I do agree that your advice is pretty solid under the “make it work as best you can” strategy.
I am not quite sold on that being the right strategy.
Separately, it’s quite hard to do both at once but part of what you’re seeing is me trying to do both at once.
It feels like John came to the “make it work within a broken system” position because of his belief that “because high-dimensions, it’s plausibly not possible to build an API which will handle it all in advance”. I think I mostly believe this too, which is a bottleneck to me thinking that “try to fix the system” is a good strategy here.
But maybe having more buckets and more standard APIs is a big part of the solution. E.g. today we have buckets like “ADHD” and “autistic” with some draft APIs attached, but not that long ago those did not exist?
And the other part of it—maybe society need to be more careful not to round out the small buckets (e.g. the witness accounts example from the OP)?
I think this comment is pointing in the right direction. But I disagree with
There are buckets, but I don’t know what the draft APIs would be. Unless you count “finding your own tribe and stay away from the neurotypicals” as an API.
If you know something I don’t let me know!
In Europe at least, this is beginning to lead to accommodations like letting you work more from home, spend more time offline, getting a low sensory stimulation space for work and exams, skip excessive meetings, being allowed to move during meetings and work, being excused from social events, specialised tutoring, medication, therapy, etc.

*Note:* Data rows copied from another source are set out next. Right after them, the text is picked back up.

(* For a ring $R$, the following are equivalent: (1) $R$ is a DT ring; (2) $R$ is a semi-tripotent ring.
   Context: All rings are associative with identity. $J(R)$ is the Jacobson radical, $U(R)$ the group of units. $\Delta(R)=\{x\in R: x+u\in U(R)\text{ for all }u\in U(R)\}$. $\mathrm{Tr}(R)=\{x\in R: x^3=x\}$. A ring $R$ is a DT ring if every $r\in R$ can be written $r=e+d$ with $e\in\mathrm{Tr}(R)$ and $d\in\Delta(R)$. A ring $R$ is semi-tripotent if every $r\in R$ can be written $r=e+j$ with $e\in\mathrm{Tr}(R)$ and $j\in J(R)$. *)

From mathcomp Require Import all_boot all_algebra.
Set Implicit Arguments. Unset Strict Implicit. Unset Printing Implicit Defensive.
Import GRing.Theory.
Local Open Scope ring_scope.

Definition left_ideal (R : unitRingType) (I : R -> Prop) : Prop :=
  [/\ I 0, (forall x y, I x -> I y -> I (x + y)), (forall x, I x -> I (- x))
    & (forall r x, I x -> I (r * x))].

Definition maximal_left_ideal (R : unitRingType) (I : R -> Prop) : Prop :=
  [/\ left_ideal I, ~ I 1
    & forall K : R -> Prop, left_ideal K -> ~ K 1 ->
        (forall x, I x -> K x) -> forall x, K x -> I x].

Definition jacobson (R : unitRingType) (x : R) : Prop :=
  forall I : R -> Prop, maximal_left_ideal I -> I x.

Definition Delta (R : unitRingType) (x : R) : Prop :=
  forall u : R, u \is a GRing.unit -> x + u \is a GRing.unit.

Definition tripotent (R : unitRingType) (x : R) : Prop := x ^+ 3 = x.

Definition DT_ring (R : unitRingType) : Prop :=
  forall r : R, exists e d, [/\ tripotent e, Delta d & r = e + d].

Definition semi_tripotent (R : unitRingType) : Prop :=
  forall r : R, exists e j, [/\ tripotent e, jacobson j & r = e + j].

From mathcomp Require Import all_boot all_algebra.
From mathcomp Require Import boolp classical_sets.
Set Implicit Arguments. Unset Strict Implicit.
Import GRing.Theory.
Local Open Scope ring_scope.

(* J(R) is contained in Delta(R) in every ring, because 1 - r j is a unit for
   j in J(R).  Conversely, let d be in Delta(R) for a DT ring R.  It suffices
   that 1 - r d is left invertible for every r.  Write r = e + d' with e^3 = e
   and d' in Delta(R); the involution v = e + (1 - e^2) satisfies v e = e^2,
   so v (1 - r d) = u - e^2 d with u = v (1 - d' d) a unit.  Finally u - h d is
   left invertible whenever u is a unit, h is idempotent and d is in Delta(R). *)

Section Delta.
Variable R : unitRingType.
Implicit Types (a b d h u : R).

Lemma DeltaN d : Delta d -> Delta (- d).
Proof. by move=> Hd u Hu; rewrite -[u]opprK -opprD unitrN Hd ?unitrN. Qed.

Lemma DeltaD a b : Delta a -> Delta b -> Delta (a + b).
Proof. by move=> Ha Hb u Hu; rewrite -addrA Ha ?Hb. Qed.

Lemma Delta_unitMl u d : u \is a GRing.unit -> Delta d -> Delta (u * d).
Proof.
move=> Hu Hd v Hv.
have -> : u * d + v = u * (d + u^-1 * v) by rewrite mulrDr mulVKr.
by rewrite unitrMr // Hd // unitrMl ?unitrV.
Qed.

Lemma DeltaM a b : Delta a -> Delta b -> Delta (a * b).
Proof.
move=> Ha Hb; have -> : a * b = (a + 1) * b - b by rewrite mulrDl mul1r addrK.
apply: DeltaD (DeltaN Hb); apply: Delta_unitMl Hb; exact: Ha (unitr1 R).
Qed.

Lemma unitrBDelta u d : u \is a GRing.unit -> Delta d -> (u - d) \is a GRing.unit.
Proof. by move=> Hu /DeltaN Hd; rewrite addrC Hd. Qed.

Lemma unitr1Dsqr0 (N : R) : N * N = 0 -> (1 + N) \is a GRing.unit.
Proof.
move=> NN; apply/unitrP; exists (1 - N); split.
- by rewrite mulrDr mulr1 mulrBl mul1r NN subr0 subrK.
- by rewrite mulrBr mulr1 mulrDl mul1r NN addr0 addrK.
Qed.

Lemma unitB_idemM_Delta_linv u h d :
  u \is a GRing.unit -> h * h = h -> Delta d -> exists b, b * (u - h * d) = 1.
Proof.
move=> Hu hh Hd; set f := 1 - h.
have fh : f * h = 0 by rewrite mulrBl mul1r hh subrr.
have hf : h * f = 0 by rewrite mulrBr mulr1 hh subrr.
(* N lies in the Peirce corner (1 - h) R h, so N^2 = 0 and 1 + N is a unit;
   the left multiple (Y - 1) (u - h d) equals d - (1 + N) u, an element of
   Delta plus a unit. *)
pose N := f * d / u * h; pose Y := f * d / u * f.
have NN : N * N = 0 by rewrite /N !mulrA -(mulrA (f * d / u) h f) hf mulr0 !mul0r.
have N1U : (1 + N) \is a GRing.unit by exact: unitr1Dsqr0.
have key : (Y - 1) * (u - h * d) = d - (1 + N) * u.
  rewrite mulrBr mulrA [(Y - 1) * h]mulrBl mul1r /Y -(mulrA (f * d / u) f h) fh.
  rewrite mulr0 sub0r mulNr opprK.
  rewrite mulrBl mul1r -(mulrA (f * d / u) f u) [f * u]mulrBl mul1r mulrBr.
  rewrite mulrA divrK // -/N.
  rewrite /f mulrBl mul1r mulrDl mul1r opprD addrA.
  by rewrite [LHS]addrAC [X in X - u]addrAC subrK [LHS]addrAC.
exists ((d - (1 + N) * u)^-1 * (Y - 1)); rewrite -mulrA key mulVr //.
by apply: Hd; rewrite unitrN unitrMr.
Qed.
End Delta.

Section Tripotent.
Variables (R : unitRingType) (e : R).
Hypothesis e3 : tripotent e.

Lemma tripotent_idem_sqr : e ^+ 2 * e ^+ 2 = e ^+ 2.
Proof. by rewrite -exprD (exprS e 3) e3 -expr2. Qed.

(* Every tripotent is e = v e^2 with v an involution and e^2 idempotent. *)
Definition tripotent_invol := e + (1 - e ^+ 2).

Lemma tripotent_involK : tripotent_invol * tripotent_invol = 1.
Proof.
have ef : e * (1 - e ^+ 2) = 0 by rewrite mulrBr mulr1 -exprS e3 subrr.
have fe : (1 - e ^+ 2) * e = 0 by rewrite mulrBl mul1r -exprSr e3 subrr.
have ff : (1 - e ^+ 2) * (1 - e ^+ 2) = 1 - e ^+ 2.
  by rewrite mulrBr mulr1 mulrBl mul1r tripotent_idem_sqr subrr subr0.
rewrite /tripotent_invol mulrDl [e * _]mulrDr [(1 - _) * _]mulrDr ef fe ff.
by rewrite -expr2 addr0 add0r addrC subrK.
Qed.

Lemma tripotent_involMe : tripotent_invol * e = e ^+ 2.
Proof. by rewrite /tripotent_invol mulrDl mulrBl mul1r -expr2 -exprSr e3 subrr addr0. Qed.

End Tripotent.

Section Jacobson.
Variable R : unitRingType.
Implicit Types (x z : R) (I L : R -> Prop).

Lemma principal_left_ideal z : left_ideal (fun y => exists a, y = a * z).
Proof.
split.
- by exists 0; rewrite mul0r.
- by move=> _ _ [a ->] [b ->]; exists (a + b); rewrite mulrDl.
- by move=> _ [a ->]; exists (- a); rewrite mulNr.
- by move=> r _ [a ->]; exists (r * a); rewrite mulrA.
Qed.

Lemma left_ideal_add_principal I x :
  left_ideal I -> left_ideal (fun y => exists i r, I i /\ y = i + r * x).
Proof.
case=> I0 ID IN IM; split.
- by exists 0, 0; rewrite mul0r addr0.
- move=> _ _ [i [r [Ii ->]]] [j [s [Ij ->]]]; exists (i + j), (r + s).
  by split; [exact: ID | rewrite mulrDl addrACA].
- move=> _ [i [r [Ii ->]]]; exists (- i), (- r).
  by split; [exact: IN | rewrite opprD mulNr].
- move=> s _ [i [r [Ii ->]]]; exists (s * i), (s * r).
  by split; [exact: IM | rewrite mulrDr mulrA].
Qed.

Lemma left_ideal_bigcup_chain (F : set (set R)) x0 :
  (forall X x, F X -> X x -> left_ideal X) -> total_on F subset ->
  (exists2 X, F X & X x0) -> left_ideal (\bigcup_(X in F) X)%classic.
Proof.
move=> FI Ftot [X0 FX0 X0x0]; split.
- by exists X0 => //; case: (FI _ _ FX0 X0x0).
- move=> a b [Xa FXa Xaa] [Xb FXb Xbb].
  case: (Ftot _ _ FXa FXb) => [sab|sba].
  + exists Xb => //; case: (FI _ _ FXb Xbb) => _ D _ _.
    by apply: D => //; exact: sab.
  + exists Xa => //; case: (FI _ _ FXa Xaa) => _ D _ _.
    by apply: D => //; exact: sba.
- by move=> a [X FX Xa]; exists X => //; case: (FI _ _ FX Xa) => _ _ N _; exact: N.
- by move=> r a [X FX Xa]; exists X => //; case: (FI _ _ FX Xa) => _ _ _ M; exact: M.
Qed.

Lemma maximal_left_ideal_above L : left_ideal L -> ~ L 1 ->
  exists2 I, maximal_left_ideal I & forall x, L x -> I x.
Proof.
move=> LI L1.
(* The nonemptiness guard lets the empty chain (whose union is set0) satisfy P. *)
pose P (X : set R) := (exists x, X x) ->
  [/\ left_ideal X, ~ X 1 & forall x, L x -> X x].
have [M [PM Mmax]] : exists M, P M /\ forall X, (M `<` X)%classic -> ~ P X.
  apply: Zorn_bigcup => F FP Ftot [x0 [X FX Xx0]].
  have [_ _ LX] := FP X FX (ex_intro _ x0 Xx0).
  split.
  - apply: (left_ideal_bigcup_chain (x0 := x0)) => // [Y y FY Yy|].
      by case: (FP Y FY (ex_intro _ y Yy)).
    by exists X.
  - by case=> Y FY Y1; case: (FP Y FY (ex_intro _ 1 Y1)).
  - by move=> x Lx; exists X => //; exact: LX.
have [MI M1 LM] : [/\ left_ideal M, ~ M 1 & forall x, L x -> M x].
  apply: PM; apply: contrapT => nM; apply: (Mmax L) => //; split.
    by move=> x Mx; case: nM; exists x.
  by move=> LsubM; case: nM; exists 0; apply: LsubM; case: LI.
exists M => //; split => // K KI K1 MK x Kx.
apply: contrapT => nMx; apply: (Mmax K).
  by split => // KM; apply: nMx; exact: KM.
by move=> _; split => // y Ly; apply: MK; exact: LM.
Qed.

Lemma jacobsonP x :
  jacobson x <-> forall r, exists a, a * (1 - r * x) = 1.
Proof.
split=> [Jx r | linv I [[I0 ID IN IM] I1 Imax]].
- apply: contrapT => nlinv.
  have [|I MI LI] :=
    maximal_left_ideal_above (principal_left_ideal (1 - r * x)).
    by case=> a /esym Ha; apply: nlinv; exists a.
  have [[_ ID _ IM] I1 _] := MI.
  have Irx : I (r * x) by apply: IM; exact: Jx.
  apply: I1; rewrite -(subrK (r * x) 1); apply: ID => //.
  by apply: LI; exists 1; rewrite mul1r.
- apply: contrapT => nIx.
  have [i [r [Ii Hi]]] : exists i r, I i /\ 1 = i + r * x.
    apply: contrapT => nK; apply: nIx.
    apply: (Imax _ (left_ideal_add_principal x (And4 I0 ID IN IM)) nK).
      by move=> y Iy; exists y, 0; rewrite mul0r addr0.
    by exists 0, 1; rewrite add0r mul1r.
  have [a Ha] := linv r.
  apply: I1; rewrite -Ha; apply: IM.
  by rewrite Hi addrK.
Qed.

Lemma jacobson_unit x r : jacobson x -> (1 - r * x) \is a GRing.unit.
Proof.
move=> Jx; have [a Ha] := (jacobsonP x).1 Jx r.
have [b Hb] := (jacobsonP x).1 Jx (- (a * r)).
have ea : 1 - (- (a * r)) * x = a.
  by rewrite mulNr opprK -Ha mulrBr mulr1 mulrA subrK.
rewrite ea in Hb.
have eb : b = 1 - r * x by rewrite -[b]mulr1 -{1}Ha mulrA Hb mul1r.
by apply/unitrP; exists a; split; last rewrite -eb.
Qed.

Lemma jacobson_Delta x : jacobson x -> Delta x.
Proof.
move=> Jx u Hu.
have -> : x + u = u * (1 - (- u^-1) * x).
  by rewrite mulNr opprK mulrDr mulr1 mulVKr // addrC.
by rewrite unitrMr // jacobson_unit.
Qed.

End Jacobson.

Lemma DT_Delta_jacobson (R : unitRingType) (d : R) :
  DT_ring R -> Delta d -> jacobson d.
Proof.
move=> DT Hd; apply/jacobsonP => r.
have [e [d' [e3 Hd' ->]]] := DT r.
set v := tripotent_invol e.
have vU : v \is a GRing.unit by apply/unitrP; exists v; rewrite tripotent_involK.
have uU : v * (1 - d' * d) \is a GRing.unit.
  by rewrite unitrMl //; apply: unitrBDelta (unitr1 R) (DeltaM Hd' Hd).
have [b Hb] := unitB_idemM_Delta_linv uU (tripotent_idem_sqr e3) Hd.
exists (b * v); rewrite -mulrA -[RHS]Hb; congr (b * _).
rewrite -(tripotent_involMe e3) -/v -mulrA -mulrBr; congr (v * _).
by rewrite mulrDl opprD addrA addrAC.
Qed.

Theorem corollary4p9 (R : unitRingType) : DT_ring R <-> semi_tripotent R.
Proof.
split=> [DT | ST] r.
- have [e [d [e3 Hd ->]]] := DT r.
  by exists e, d; split => //; exact: DT_Delta_jacobson.
- have [e [j [e3 Jj ->]]] := ST r.
  by exists e, j; split => //; exact: jacobson_Delta.
Qed.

I believe you that in some parts of Europe this is happening, witch is good.
Well, maybe I should have said “API in a drafting stage”, rather that an actual “draft API”, but I’d think today people tend to know these categories exist, and tend to at least to know enough to have some expectations of neuroatypical people having a [much?] wider range of possible reactions to certain things, compared to how a neuroatypical person would be expected to react, and many (most?) have at least a theoretical willingness to try to accommodate it. And then, maybe at least as importantly, given a name for the bucket and Google, people who are actually willing, can find more advice—not necessarily all equally helpful, but still.
Yes, that makes sense. Having a bucked is defiantly helpful for finding advise.
Separately, I note that it doesn’t really feel like the above comment is an actual response to Logan? That’s sort of headlined by “some thoughts I had while reading” but I am in fact curious what you would say in direct response to Logan’s reply.
Strong upvote.
A big part of how I try to structure my brain and my life and my discourse is to make more Nevilles Longbottom feel able to exist by default.
We get a LOT of tech that millions of “normal people” find useful from designs intended to help people who are struggling or weird. Snuggies are a bit of a punchline, but they were wildly popular, and they were invented specifically for people with mobility issues who have a hard time putting on coats/sweaters and who would have been trapped/impeded by just being buried in a blanket.
>Snuggies
Right, and yet it seems clearly wrong to me for there to be eg regulations requiring all coat manufacturers to also make snuggies, or something. I haven’t worked out what the right take-away is from this kind of thing.